==== DATA FOR THIS EXERCISE ====
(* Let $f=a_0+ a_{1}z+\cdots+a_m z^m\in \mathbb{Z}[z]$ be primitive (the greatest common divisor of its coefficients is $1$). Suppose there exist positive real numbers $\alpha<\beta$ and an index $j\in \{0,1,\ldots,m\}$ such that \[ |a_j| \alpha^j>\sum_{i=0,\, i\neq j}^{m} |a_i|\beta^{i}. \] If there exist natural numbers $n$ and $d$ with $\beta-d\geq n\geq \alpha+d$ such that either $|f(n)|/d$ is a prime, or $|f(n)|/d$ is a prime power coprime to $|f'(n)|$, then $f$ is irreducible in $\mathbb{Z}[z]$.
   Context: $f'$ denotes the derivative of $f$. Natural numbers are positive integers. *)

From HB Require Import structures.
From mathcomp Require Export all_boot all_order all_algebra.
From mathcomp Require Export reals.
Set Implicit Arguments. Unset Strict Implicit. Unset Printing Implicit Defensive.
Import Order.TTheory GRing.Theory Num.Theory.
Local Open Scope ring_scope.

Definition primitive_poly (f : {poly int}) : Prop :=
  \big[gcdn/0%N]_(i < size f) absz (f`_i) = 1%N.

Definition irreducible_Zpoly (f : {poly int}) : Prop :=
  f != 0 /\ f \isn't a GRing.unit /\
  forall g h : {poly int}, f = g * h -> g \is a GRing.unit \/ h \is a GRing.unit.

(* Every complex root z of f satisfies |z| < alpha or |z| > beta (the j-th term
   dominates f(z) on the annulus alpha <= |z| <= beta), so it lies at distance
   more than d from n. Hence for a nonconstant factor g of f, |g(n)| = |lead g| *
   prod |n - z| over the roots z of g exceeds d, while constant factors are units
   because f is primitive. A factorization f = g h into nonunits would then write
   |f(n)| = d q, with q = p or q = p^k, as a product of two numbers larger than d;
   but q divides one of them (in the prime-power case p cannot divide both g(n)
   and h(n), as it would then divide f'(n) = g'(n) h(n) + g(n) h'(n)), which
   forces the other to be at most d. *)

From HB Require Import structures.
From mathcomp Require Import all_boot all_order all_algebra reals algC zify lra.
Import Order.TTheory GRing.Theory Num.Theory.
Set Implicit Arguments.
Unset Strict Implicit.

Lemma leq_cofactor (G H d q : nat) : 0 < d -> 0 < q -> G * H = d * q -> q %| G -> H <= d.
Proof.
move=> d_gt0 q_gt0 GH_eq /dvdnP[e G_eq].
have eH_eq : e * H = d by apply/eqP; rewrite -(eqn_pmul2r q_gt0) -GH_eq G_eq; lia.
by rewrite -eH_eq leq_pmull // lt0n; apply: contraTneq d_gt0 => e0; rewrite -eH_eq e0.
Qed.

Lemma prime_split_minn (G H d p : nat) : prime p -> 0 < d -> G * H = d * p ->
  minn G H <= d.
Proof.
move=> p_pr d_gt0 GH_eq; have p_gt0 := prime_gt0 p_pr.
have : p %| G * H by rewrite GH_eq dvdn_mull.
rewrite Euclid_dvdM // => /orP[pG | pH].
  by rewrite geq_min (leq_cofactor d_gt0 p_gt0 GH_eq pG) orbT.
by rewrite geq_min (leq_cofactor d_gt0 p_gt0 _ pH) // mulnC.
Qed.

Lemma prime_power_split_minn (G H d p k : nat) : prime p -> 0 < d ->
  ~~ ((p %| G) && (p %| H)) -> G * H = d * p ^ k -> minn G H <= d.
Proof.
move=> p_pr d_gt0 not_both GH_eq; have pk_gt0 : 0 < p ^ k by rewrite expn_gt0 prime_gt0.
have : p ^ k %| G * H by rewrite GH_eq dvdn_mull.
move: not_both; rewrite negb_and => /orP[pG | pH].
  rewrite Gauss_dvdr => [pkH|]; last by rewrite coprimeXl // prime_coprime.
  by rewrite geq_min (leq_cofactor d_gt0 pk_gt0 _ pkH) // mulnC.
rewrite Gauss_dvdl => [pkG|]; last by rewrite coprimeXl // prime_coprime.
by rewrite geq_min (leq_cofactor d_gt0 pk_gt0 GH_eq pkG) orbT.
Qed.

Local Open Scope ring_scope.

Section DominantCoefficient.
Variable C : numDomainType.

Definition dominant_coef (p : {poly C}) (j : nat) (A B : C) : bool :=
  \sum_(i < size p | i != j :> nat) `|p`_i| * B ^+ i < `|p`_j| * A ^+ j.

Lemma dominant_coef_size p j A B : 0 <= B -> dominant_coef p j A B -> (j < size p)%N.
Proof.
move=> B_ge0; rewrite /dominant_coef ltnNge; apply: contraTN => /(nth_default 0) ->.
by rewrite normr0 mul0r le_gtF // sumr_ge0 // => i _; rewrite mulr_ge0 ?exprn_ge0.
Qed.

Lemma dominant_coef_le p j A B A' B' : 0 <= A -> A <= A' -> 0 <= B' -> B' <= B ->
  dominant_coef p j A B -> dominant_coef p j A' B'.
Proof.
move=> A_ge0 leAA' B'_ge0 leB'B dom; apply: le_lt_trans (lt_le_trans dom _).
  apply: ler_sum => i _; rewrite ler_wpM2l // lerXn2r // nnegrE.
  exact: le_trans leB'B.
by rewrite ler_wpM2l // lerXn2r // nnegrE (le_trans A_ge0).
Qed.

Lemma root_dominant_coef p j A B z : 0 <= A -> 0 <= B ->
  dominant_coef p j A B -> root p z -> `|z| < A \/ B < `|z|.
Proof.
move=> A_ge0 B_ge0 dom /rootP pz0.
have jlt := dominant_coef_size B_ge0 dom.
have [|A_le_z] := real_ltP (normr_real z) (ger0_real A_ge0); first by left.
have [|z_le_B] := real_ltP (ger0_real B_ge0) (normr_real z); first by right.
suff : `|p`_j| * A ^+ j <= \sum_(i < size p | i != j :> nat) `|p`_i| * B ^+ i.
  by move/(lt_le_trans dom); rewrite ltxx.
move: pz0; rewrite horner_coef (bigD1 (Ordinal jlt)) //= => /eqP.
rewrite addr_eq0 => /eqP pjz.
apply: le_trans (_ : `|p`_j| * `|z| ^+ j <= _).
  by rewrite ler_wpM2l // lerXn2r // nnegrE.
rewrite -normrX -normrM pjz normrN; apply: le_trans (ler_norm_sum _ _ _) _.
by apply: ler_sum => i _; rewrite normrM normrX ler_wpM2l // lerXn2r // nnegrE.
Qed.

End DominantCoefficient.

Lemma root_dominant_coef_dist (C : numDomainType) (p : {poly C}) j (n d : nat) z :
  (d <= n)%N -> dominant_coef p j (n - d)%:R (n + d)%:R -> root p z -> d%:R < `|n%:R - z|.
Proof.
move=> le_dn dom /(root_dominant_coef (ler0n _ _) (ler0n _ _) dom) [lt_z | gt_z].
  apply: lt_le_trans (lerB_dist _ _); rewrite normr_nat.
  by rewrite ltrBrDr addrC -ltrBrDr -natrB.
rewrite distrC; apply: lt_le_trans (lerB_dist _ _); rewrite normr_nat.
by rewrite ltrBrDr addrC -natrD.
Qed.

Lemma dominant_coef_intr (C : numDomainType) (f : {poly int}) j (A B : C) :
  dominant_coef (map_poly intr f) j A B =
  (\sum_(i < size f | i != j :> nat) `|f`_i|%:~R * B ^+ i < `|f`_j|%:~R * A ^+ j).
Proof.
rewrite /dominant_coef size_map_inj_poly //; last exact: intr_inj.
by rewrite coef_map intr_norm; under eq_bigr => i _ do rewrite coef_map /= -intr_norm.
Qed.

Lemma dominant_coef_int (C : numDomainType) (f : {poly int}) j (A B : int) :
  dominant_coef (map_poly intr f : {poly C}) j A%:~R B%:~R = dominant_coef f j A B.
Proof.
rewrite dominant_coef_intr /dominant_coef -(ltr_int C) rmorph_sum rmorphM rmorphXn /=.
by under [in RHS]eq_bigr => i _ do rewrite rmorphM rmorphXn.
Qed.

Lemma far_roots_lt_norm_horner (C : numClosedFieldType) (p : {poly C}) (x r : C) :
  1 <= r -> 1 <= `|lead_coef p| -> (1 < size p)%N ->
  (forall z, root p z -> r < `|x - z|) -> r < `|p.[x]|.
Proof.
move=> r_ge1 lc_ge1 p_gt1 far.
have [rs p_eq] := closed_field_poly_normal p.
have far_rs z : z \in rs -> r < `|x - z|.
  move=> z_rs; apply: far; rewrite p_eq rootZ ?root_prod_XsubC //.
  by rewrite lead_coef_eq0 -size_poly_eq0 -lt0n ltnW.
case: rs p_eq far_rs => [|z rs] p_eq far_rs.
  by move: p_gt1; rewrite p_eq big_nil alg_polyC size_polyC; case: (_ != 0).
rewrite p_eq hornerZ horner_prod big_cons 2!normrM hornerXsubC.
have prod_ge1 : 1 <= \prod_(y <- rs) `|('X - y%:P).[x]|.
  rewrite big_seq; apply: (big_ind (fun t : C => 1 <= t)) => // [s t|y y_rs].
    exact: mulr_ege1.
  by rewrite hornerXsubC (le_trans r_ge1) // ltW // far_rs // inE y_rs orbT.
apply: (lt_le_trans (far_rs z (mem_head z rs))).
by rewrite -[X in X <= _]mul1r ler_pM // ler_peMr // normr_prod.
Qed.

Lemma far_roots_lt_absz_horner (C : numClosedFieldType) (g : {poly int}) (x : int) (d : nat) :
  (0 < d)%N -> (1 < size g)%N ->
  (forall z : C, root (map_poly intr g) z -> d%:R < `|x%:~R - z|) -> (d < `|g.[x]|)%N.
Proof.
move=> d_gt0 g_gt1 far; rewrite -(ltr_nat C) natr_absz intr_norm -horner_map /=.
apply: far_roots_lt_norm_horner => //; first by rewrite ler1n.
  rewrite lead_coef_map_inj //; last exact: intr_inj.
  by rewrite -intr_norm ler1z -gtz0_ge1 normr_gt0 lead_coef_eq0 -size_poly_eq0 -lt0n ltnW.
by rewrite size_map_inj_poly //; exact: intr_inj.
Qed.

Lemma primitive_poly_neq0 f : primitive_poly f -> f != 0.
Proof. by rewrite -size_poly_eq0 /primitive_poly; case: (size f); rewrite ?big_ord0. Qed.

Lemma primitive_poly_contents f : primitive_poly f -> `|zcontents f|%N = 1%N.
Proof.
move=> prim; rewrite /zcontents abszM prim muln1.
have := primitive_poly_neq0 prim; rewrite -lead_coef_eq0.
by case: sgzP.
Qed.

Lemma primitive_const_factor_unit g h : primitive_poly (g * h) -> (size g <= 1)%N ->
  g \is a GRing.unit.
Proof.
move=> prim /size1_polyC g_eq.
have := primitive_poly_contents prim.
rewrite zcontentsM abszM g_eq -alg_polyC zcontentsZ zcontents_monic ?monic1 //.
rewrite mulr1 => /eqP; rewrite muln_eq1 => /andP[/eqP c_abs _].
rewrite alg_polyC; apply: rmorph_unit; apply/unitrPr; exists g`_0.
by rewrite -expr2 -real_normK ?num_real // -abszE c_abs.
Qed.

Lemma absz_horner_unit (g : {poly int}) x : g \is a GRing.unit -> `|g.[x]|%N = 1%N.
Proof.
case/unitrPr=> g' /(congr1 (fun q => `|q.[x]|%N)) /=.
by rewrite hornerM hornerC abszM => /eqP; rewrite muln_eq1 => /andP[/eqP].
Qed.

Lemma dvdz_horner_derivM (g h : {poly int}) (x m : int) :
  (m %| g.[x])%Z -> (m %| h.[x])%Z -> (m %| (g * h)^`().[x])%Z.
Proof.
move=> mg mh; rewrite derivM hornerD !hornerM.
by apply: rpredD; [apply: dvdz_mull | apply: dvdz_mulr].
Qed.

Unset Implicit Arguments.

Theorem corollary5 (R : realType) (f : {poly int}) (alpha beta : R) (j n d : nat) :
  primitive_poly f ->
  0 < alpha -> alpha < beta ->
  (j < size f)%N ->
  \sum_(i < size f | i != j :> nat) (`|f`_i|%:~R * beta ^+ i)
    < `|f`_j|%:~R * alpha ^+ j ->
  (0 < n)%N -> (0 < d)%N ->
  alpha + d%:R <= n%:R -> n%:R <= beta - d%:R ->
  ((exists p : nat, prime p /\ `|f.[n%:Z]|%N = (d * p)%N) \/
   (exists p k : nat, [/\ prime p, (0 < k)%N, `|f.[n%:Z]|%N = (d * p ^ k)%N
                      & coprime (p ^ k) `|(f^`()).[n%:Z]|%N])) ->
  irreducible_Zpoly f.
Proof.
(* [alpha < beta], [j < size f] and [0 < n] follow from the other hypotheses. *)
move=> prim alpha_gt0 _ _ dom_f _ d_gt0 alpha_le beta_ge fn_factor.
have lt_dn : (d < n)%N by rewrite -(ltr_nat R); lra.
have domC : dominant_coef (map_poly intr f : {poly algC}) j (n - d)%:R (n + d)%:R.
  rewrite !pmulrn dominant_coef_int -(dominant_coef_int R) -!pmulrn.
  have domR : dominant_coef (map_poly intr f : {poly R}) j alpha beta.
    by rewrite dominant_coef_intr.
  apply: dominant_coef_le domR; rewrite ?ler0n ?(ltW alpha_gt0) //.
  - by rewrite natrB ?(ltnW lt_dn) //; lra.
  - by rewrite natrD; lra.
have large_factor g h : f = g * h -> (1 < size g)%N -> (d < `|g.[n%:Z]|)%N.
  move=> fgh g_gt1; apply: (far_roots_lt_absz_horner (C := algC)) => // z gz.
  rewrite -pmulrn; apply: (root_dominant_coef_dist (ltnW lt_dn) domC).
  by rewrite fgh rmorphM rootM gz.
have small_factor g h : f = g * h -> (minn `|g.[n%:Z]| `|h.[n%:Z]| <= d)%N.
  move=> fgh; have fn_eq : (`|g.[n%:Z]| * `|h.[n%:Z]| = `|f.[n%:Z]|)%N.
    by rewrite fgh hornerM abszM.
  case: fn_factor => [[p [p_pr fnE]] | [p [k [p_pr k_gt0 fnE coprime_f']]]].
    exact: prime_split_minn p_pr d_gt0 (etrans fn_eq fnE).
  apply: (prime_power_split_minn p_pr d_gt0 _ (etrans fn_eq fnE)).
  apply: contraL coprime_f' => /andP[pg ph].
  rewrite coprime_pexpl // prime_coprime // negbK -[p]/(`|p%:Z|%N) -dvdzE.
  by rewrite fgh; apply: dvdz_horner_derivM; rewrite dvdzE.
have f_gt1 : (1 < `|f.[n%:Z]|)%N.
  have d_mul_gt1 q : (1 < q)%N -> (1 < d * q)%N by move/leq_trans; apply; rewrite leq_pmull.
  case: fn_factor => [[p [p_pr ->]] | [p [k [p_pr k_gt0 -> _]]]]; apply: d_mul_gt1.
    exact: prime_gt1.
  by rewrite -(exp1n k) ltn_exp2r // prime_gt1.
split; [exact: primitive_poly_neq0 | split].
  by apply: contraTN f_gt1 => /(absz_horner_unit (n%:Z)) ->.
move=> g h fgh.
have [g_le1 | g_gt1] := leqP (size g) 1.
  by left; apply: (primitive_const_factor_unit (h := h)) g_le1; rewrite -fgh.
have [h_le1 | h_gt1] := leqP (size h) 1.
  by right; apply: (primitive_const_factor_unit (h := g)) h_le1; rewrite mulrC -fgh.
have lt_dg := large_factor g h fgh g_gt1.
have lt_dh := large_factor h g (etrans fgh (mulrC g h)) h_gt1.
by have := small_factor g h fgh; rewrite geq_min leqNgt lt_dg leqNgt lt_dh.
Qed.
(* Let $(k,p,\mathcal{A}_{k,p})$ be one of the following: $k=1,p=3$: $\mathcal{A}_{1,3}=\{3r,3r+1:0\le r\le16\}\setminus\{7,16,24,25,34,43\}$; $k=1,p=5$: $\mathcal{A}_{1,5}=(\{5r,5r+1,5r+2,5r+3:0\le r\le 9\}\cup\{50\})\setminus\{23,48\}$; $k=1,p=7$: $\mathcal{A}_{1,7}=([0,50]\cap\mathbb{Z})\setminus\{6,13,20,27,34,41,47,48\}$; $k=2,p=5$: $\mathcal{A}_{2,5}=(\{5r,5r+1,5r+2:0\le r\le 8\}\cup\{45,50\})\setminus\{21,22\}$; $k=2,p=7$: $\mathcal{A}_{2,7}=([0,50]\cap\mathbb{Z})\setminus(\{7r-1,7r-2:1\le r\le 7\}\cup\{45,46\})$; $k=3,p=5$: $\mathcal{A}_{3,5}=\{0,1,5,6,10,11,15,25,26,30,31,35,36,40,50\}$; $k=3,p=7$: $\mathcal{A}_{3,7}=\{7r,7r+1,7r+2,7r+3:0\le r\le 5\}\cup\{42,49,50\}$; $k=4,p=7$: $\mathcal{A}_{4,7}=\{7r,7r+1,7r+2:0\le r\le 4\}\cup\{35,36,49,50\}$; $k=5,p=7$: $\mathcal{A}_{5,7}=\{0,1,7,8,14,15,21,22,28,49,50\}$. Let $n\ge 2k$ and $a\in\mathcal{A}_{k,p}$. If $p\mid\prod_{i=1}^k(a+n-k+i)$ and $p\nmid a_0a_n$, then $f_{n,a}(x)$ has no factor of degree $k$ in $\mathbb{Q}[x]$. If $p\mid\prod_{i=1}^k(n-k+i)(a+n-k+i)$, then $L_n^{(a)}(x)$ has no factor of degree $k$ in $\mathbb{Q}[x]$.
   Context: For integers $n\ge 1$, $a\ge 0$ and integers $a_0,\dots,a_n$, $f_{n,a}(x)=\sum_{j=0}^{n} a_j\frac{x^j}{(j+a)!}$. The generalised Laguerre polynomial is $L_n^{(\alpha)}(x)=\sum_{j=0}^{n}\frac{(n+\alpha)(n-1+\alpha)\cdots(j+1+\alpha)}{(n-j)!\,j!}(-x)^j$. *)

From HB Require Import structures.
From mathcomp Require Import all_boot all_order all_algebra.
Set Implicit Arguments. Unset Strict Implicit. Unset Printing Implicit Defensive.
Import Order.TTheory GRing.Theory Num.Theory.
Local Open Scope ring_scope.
====
▶ **EXERCISE INSTRUCTIONS**
Precisely the lines between those holding "move=> le_dn dom" and "exact: mulr_ege1.", inclusive, are to be reproduced from the listing above, with nothing added.

▶ **TASK RESPONSE**
move=> le_dn dom /(root_dominant_coef (ler0n _ _) (ler0n _ _) dom) [lt_z | gt_z].
  apply: lt_le_trans (lerB_dist _ _); rewrite normr_nat.
  by rewrite ltrBrDr addrC -ltrBrDr -natrB.
rewrite distrC; apply: lt_le_trans (lerB_dist _ _); rewrite normr_nat.
by rewrite ltrBrDr addrC -natrD.
Qed.

Lemma dominant_coef_intr (C : numDomainType) (f : {poly int}) j (A B : C) :
  dominant_coef (map_poly intr f) j A B =
  (\sum_(i < size f | i != j :> nat) `|f`_i|%:~R * B ^+ i < `|f`_j|%:~R * A ^+ j).
Proof.
rewrite /dominant_coef size_map_inj_poly //; last exact: intr_inj.
by rewrite coef_map intr_norm; under eq_bigr => i _ do rewrite coef_map /= -intr_norm.
Qed.

Lemma dominant_coef_int (C : numDomainType) (f : {poly int}) j (A B : int) :
  dominant_coef (map_poly intr f : {poly C}) j A%:~R B%:~R = dominant_coef f j A B.
Proof.
rewrite dominant_coef_intr /dominant_coef -(ltr_int C) rmorph_sum rmorphM rmorphXn /=.
by under [in RHS]eq_bigr => i _ do rewrite rmorphM rmorphXn.
Qed.

Lemma far_roots_lt_norm_horner (C : numClosedFieldType) (p : {poly C}) (x r : C) :
  1 <= r -> 1 <= `|lead_coef p| -> (1 < size p)%N ->
  (forall z, root p z -> r < `|x - z|) -> r < `|p.[x]|.
Proof.
move=> r_ge1 lc_ge1 p_gt1 far.
have [rs p_eq] := closed_field_poly_normal p.
have far_rs z : z \in rs -> r < `|x - z|.
  move=> z_rs; apply: far; rewrite p_eq rootZ ?root_prod_XsubC //.
  by rewrite lead_coef_eq0 -size_poly_eq0 -lt0n ltnW.
case: rs p_eq far_rs => [|z rs] p_eq far_rs.
  by move: p_gt1; rewrite p_eq big_nil alg_polyC size_polyC; case: (_ != 0).
rewrite p_eq hornerZ horner_prod big_cons 2!normrM hornerXsubC.
have prod_ge1 : 1 <= \prod_(y <- rs) `|('X - y%:P).[x]|.
  rewrite big_seq; apply: (big_ind (fun t : C => 1 <= t)) => // [s t|y y_rs].
    exact: mulr_ege1.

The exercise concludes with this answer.